What is needed: I'd like an exact copy of every line from the start of the entries below through the line containing "Colors are natural numbers. *)", please.

Data for this task:
(* For each integer $k\ge 2$ there exists a complete tripartite graph that is uniquely $k$-list colorable. (For instance, $K_{N,N,N}$ with $N=(k-1)\binom{2k-2}{k-1}$ is such a graph.)
   Context: All graphs are finite, simple and undirected. A list assignment $L$ for a graph $G$ assigns to each vertex $v$ a set $L(v)$ of colors; an $L$-coloring is a proper vertex coloring $c$ of $G$ with $c(v)\in L(v)$ for every vertex $v$. A $k$-list assignment is a list assignment with $|L(v)|=k$ for all $v$. $G$ is uniquely $k$-list colorable (U$k$LC) if there exists a $k$-list assignment $L$ such that $G$ has exactly one $L$-coloring. $K_{n_1,\dots,n_r}$ denotes the complete $r$-partite graph with parts of sizes $n_1,\dots,n_r$. *)

From mathcomp Require Import all_boot.
Set Implicit Arguments. Unset Strict Implicit. Unset Printing Implicit Defensive.

(* A graph on a finite vertex type T is given by an adjacency relation adj
   (for the graphs considered here it is symmetric and irreflexive).
   Colors are natural numbers. *)

Definition k_list_assignment (T : finType) (k : nat) (L : T -> seq nat) : Prop :=
  forall v : T, uniq (L v) /\ size (L v) = k.

Definition L_coloring (T : finType) (adj : rel T) (L : T -> seq nat) (c : T -> nat) : Prop :=
  (forall v : T, c v \in L v) /\ (forall u v : T, adj u v -> c u != c v).

Definition uniquely_k_list_colorable (T : finType) (adj : rel T) (k : nat) : Prop :=
  exists L : T -> seq nat,
    k_list_assignment k L /\
    exists c : T -> nat, L_coloring adj L c /\
      forall c' : T -> nat, L_coloring adj L c' -> forall v, c' v = c v.

(* Complete r-partite graph K_{n_0,...,n_{r-1}}: vertices are pairs (i, j) with
   i a part index and j < n i; two vertices are adjacent iff they lie in
   different parts. *)
Definition cmp_vertex (r : nat) (n : 'I_r -> nat) : finType := {i : 'I_r & 'I_(n i)}.

Definition cmp_adj (r : nat) (n : 'I_r -> nat) : rel (cmp_vertex n) :=
  fun u v => tag u != tag v.

From mathcomp Require Import all_boot zify.

(* Take r >= 3 parts and k = p + 1.  Colours 0 .. rp-1 are distributed among the
   parts by residue mod r, so each part "owns" p colours.  For every part i,
   every owned colour t and every set T of colours, part i has a vertex whose
   list is t followed by p colours of T not owned by i; in the intended
   colouring each vertex takes its owned colour.  In any other colouring, the
   colour sets used by the parts are pairwise disjoint; a part that misses one
   of its own colours t uses more than p colours, since otherwise the vertex
   with list t followed by p foreign colours it does not use could not be
   coloured.  Counting colours then forces every part to use all its own
   colours, so a foreign colour on part i would clash with its owner. *)

Set Implicit Arguments.
Unset Strict Implicit.
Unset Printing Implicit Defensive.

Lemma leq_sum_card_disjoint (I T : finType) (S : I -> {set T}) :
  (forall i j, i != j -> [disjoint S i & S j]) -> \sum_i #|S i| <= #|T|.
Proof.
move=> disjS.
have -> : \sum_i #|S i| = \sum_(x : T) #|[set i | x \in S i]|.
  under eq_bigr do rewrite -sum1_card big_mkcond.
  by rewrite exchange_big; apply: eq_bigr => x _; rewrite -sum1dep_card [RHS]big_mkcond.
rewrite -[#|T|]sum1_card; apply: leq_sum => x _.
apply/card_le1_eqP => i j; rewrite !inE => xi xj; apply/eqP/negPn/negP => ij.
by have := disjS _ _ ij; rewrite disjoints_subset => /subsetP/(_ x xj); rewrite inE xi.
Qed.

Section Construction.

Variables r p : nat.
Hypothesis r_gt2 : 2 < r.

Lemma owned_color_proof (i : 'I_r) (t : 'I_p) : r * t + i < r * p.
Proof. have := ltn_ord i; have := ltn_ord t; nia. Qed.

Definition owned_color (i : 'I_r) (t : 'I_p) : 'I_(r * p) :=
  Ordinal (owned_color_proof i t).

Lemma owned_color_mod i t : owned_color i t %% r = i.
Proof. by rewrite /= mulnC modnMDl modn_small. Qed.

Definition owned (i : 'I_r) : {set 'I_(r * p)} := [set owned_color i t | t : 'I_p].

Lemma mem_owned i x : (x \in owned i) = (x %% r == i).
Proof.
apply/imsetP/eqP => [[t _ ->] | x_mod]; first exact: owned_color_mod.
have x_div : x %/ r < p by rewrite ltn_divLR ?[p * r]mulnC ?ltn_ord //; lia.
exists (Ordinal x_div) => //; apply: val_inj => /=.
by rewrite {1}(divn_eq x r) x_mod mulnC.
Qed.

Lemma card_owned i : #|owned i| = p.
Proof.
rewrite card_imset ?card_ord // => t t' /(congr1 val) /= eq_t.
apply/val_inj/eqP; rewrite -(eqn_pmul2l (_ : 0 < r)); last by lia.
by rewrite -(eqn_add2r i) eq_t.
Qed.

Definition foreign (i : 'I_r) : {set 'I_(r * p)} := ~: owned i.

Lemma card_foreign i : #|foreign i| = r.-1 * p.
Proof. have := cardsC (owned i); rewrite card_owned card_ord -/(foreign i); nia. Qed.

Definition admissible i (T : {set 'I_(r * p)}) := (T \subset foreign i) && (p <= #|T|).

(* Inadmissible sets T are replaced by a fixed admissible one, so that every
   pair (t, T) can index a vertex. *)
Definition tail_set i T := if admissible i T then T else foreign i.

Lemma tail_set_foreign i T : tail_set i T \subset foreign i.
Proof. by rewrite /tail_set; case: ifP => [/andP[] | _]. Qed.

Lemma card_tail_set i T : p <= #|tail_set i T|.
Proof. rewrite /tail_set; case: ifP => [/andP[] // | _]; rewrite card_foreign; nia. Qed.

Definition tail i T : seq nat := take p [seq val x | x <- enum (tail_set i T)].

Lemma mem_tail i T y :
  y \in tail i T -> exists2 x : 'I_(r * p), x \in tail_set i T & y = x.
Proof. by move/mem_take/mapP => [x]; rewrite mem_enum; exists x. Qed.

Lemma size_tail i T : size (tail i T) = p.
Proof. by rewrite size_takel // size_map -cardE card_tail_set. Qed.

Lemma uniq_tail i T : uniq (tail i T).
Proof. by rewrite take_uniq // map_inj_uniq ?enum_uniq //; apply: val_inj. Qed.

Definition vertex_data := ('I_p * {set 'I_(r * p)})%type.

Definition part_sizes : 'I_r -> nat := fun=> #|{: vertex_data}|.

Local Notation vertex := (cmp_vertex part_sizes).

Definition data (v : vertex) : vertex_data := enum_val (tagged v).

Definition mk_vertex (i : 'I_r) (d : vertex_data) : vertex :=
  existT (fun i => 'I_(part_sizes i)) i (enum_rank d).

Lemma data_mk_vertex i d : data (mk_vertex i d) = d.
Proof. exact: enum_rankK. Qed.

Definition home_color (v : vertex) : nat := owned_color (tag v) (data v).1.

Definition lists (v : vertex) : seq nat := home_color v :: tail (tag v) (data v).2.

Lemma lists_k_list : k_list_assignment p.+1 lists.
Proof.
move=> v; rewrite /= size_tail uniq_tail andbT; split=> //.
apply/negP => /mem_tail [x /(subsetP (tail_set_foreign _ _)) + home_x].
by rewrite inE mem_owned -home_x /home_color owned_color_mod eqxx.
Qed.

Lemma home_color_coloring : L_coloring (@cmp_adj r part_sizes) lists home_color.
Proof.
split=> [v | u v]; first exact: mem_head.
by apply: contraNneq => /(congr1 (modn^~ r)); rewrite !owned_color_mod => /val_inj ->.
Qed.

Section Uniqueness.

Variable c : vertex -> nat.
Hypothesis c_coloring : L_coloring (@cmp_adj r part_sizes) lists c.

Definition used i : {set 'I_(r * p)} :=
  [set x : 'I_(r * p) | [exists v, (tag v == i) && (c v == x)]].

Lemma usedP i (x : 'I_(r * p)) : reflect (exists2 v, tag v = i & c v = x) (x \in used i).
Proof.
rewrite inE; apply: (iffP existsP) => [[v /andP[/eqP vi /eqP vx]] | [v vi vx]].
  by exists v.
by exists v; rewrite vi vx !eqxx.
Qed.

Lemma used_color v (x : 'I_(r * p)) : c v = x -> x \in used (tag v).
Proof. by move=> cvx; apply/usedP; exists v. Qed.

Lemma used_disjoint i j : i != j -> [disjoint used i & used j].
Proof.
move=> ij; apply/pred0P => x /=; apply/andP => -[/usedP[u ui ux] /usedP[v vj vx]].
have := c_coloring.2 u v; rewrite /cmp_adj ui vj ij ux vx eqxx.
by move/(_ isT).
Qed.

Lemma card_used_gt i : ~~ (owned i \subset used i) -> p < #|used i|.
Proof.
(* The vertex of part i with data (t, foreign i :\: used i) has no usable colour. *)
case/subsetPn => x /imsetP[t _ ->] t_unused; rewrite ltnNge; apply/negP => used_le.
have T_adm : admissible i (foreign i :\: used i).
  rewrite /admissible subsetDl cardsD card_foreign.
  have : #|foreign i :&: used i| <= #|used i| by apply/subset_leq_card/subsetIr.
  nia.
have := c_coloring.1 (mk_vertex i (t, foreign i :\: used i)).
rewrite /lists /home_color /= data_mk_vertex /= in_cons.
case/orP => [/eqP c_home | /mem_tail[y]].
  by case/negP: t_unused; exact: (@used_color _ (owned_color i t) c_home).
rewrite /tail_set T_adm in_setD => /andP[y_unused _] c_y.
by case/negP: y_unused; exact: (@used_color _ y c_y).
Qed.

Lemma owned_sub_used i : owned i \subset used i.
Proof.
apply/negPn/negP => /card_used_gt used_gt.
have used_ge j : p <= #|used j|.
  have [/subset_leq_card | /card_used_gt /ltnW //] := boolP (owned j \subset used j).
  by rewrite card_owned.
have sum_gt : r * p < \sum_j #|used j|.
  rewrite -{1}(card_ord r) -sum_nat_const (bigD1 i) //= [X in _ < X](bigD1 i) //=.
  by rewrite -addSn; apply: leq_add => //; apply: leq_sum.
by have := leq_sum_card_disjoint used_disjoint; rewrite card_ord leqNgt sum_gt.
Qed.

Lemma coloring_home v : c v = home_color v.
Proof.
have := c_coloring.1 v; rewrite in_cons => /orP[/eqP // | /mem_tail[y y_tail c_y]].
have := subsetP (tail_set_foreign _ _) _ y_tail; rewrite inE mem_owned => y_not_home.
have y_mod : y %% r < r by rewrite ltn_mod; lia.
have y_owner : y \in used (Ordinal y_mod).
  by apply: (subsetP (owned_sub_used _)); rewrite mem_owned.
have tag_ne : tag v != Ordinal y_mod by apply: contraNneq y_not_home => ->.
by have := disjointFl (used_disjoint tag_ne) y_owner; rewrite (@used_color v y c_y).
Qed.

End Uniqueness.

Lemma uniquely_list_colorable_cmp :
  uniquely_k_list_colorable (@cmp_adj r part_sizes) p.+1.
Proof.
exists lists; split; first exact: lists_k_list.
exists home_color; split; first exact: home_color_coloring.
by move=> c c_col v; apply: coloring_home.
Qed.

End Construction.

Theorem theorem3p1 :
  forall k : nat, 2 <= k ->
  exists n : 'I_3 -> nat,
    (forall i, 0 < n i) /\
    uniquely_k_list_colorable (@cmp_adj 3 n) k.
Proof.
move=> k k_ge2; have p_gt0 : 0 < k.-1 by rewrite -ltnS (ltn_predK k_ge2).
exists (@part_sizes 3 k.-1); split.
  by move=> i; apply/card_gt0P; exists (Ordinal p_gt0, set0).
by rewrite -[k](ltn_predK k_ge2); apply: uniquely_list_colorable_cmp.
Qed.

Response to this exercise:
(* For each integer $k\ge 2$ there exists a complete tripartite graph that is uniquely $k$-list colorable. (For instance, $K_{N,N,N}$ with $N=(k-1)\binom{2k-2}{k-1}$ is such a graph.)
   Context: All graphs are finite, simple and undirected. A list assignment $L$ for a graph $G$ assigns to each vertex $v$ a set $L(v)$ of colors; an $L$-coloring is a proper vertex coloring $c$ of $G$ with $c(v)\in L(v)$ for every vertex $v$. A $k$-list assignment is a list assignment with $|L(v)|=k$ for all $v$. $G$ is uniquely $k$-list colorable (U$k$LC) if there exists a $k$-list assignment $L$ such that $G$ has exactly one $L$-coloring. $K_{n_1,\dots,n_r}$ denotes the complete $r$-partite graph with parts of sizes $n_1,\dots,n_r$. *)

From mathcomp Require Import all_boot.
Set Implicit Arguments. Unset Strict Implicit. Unset Printing Implicit Defensive.

(* A graph on a finite vertex type T is given by an adjacency relation adj
   (for the graphs considered here it is symmetric and irreflexive).
   Colors are natural numbers. *)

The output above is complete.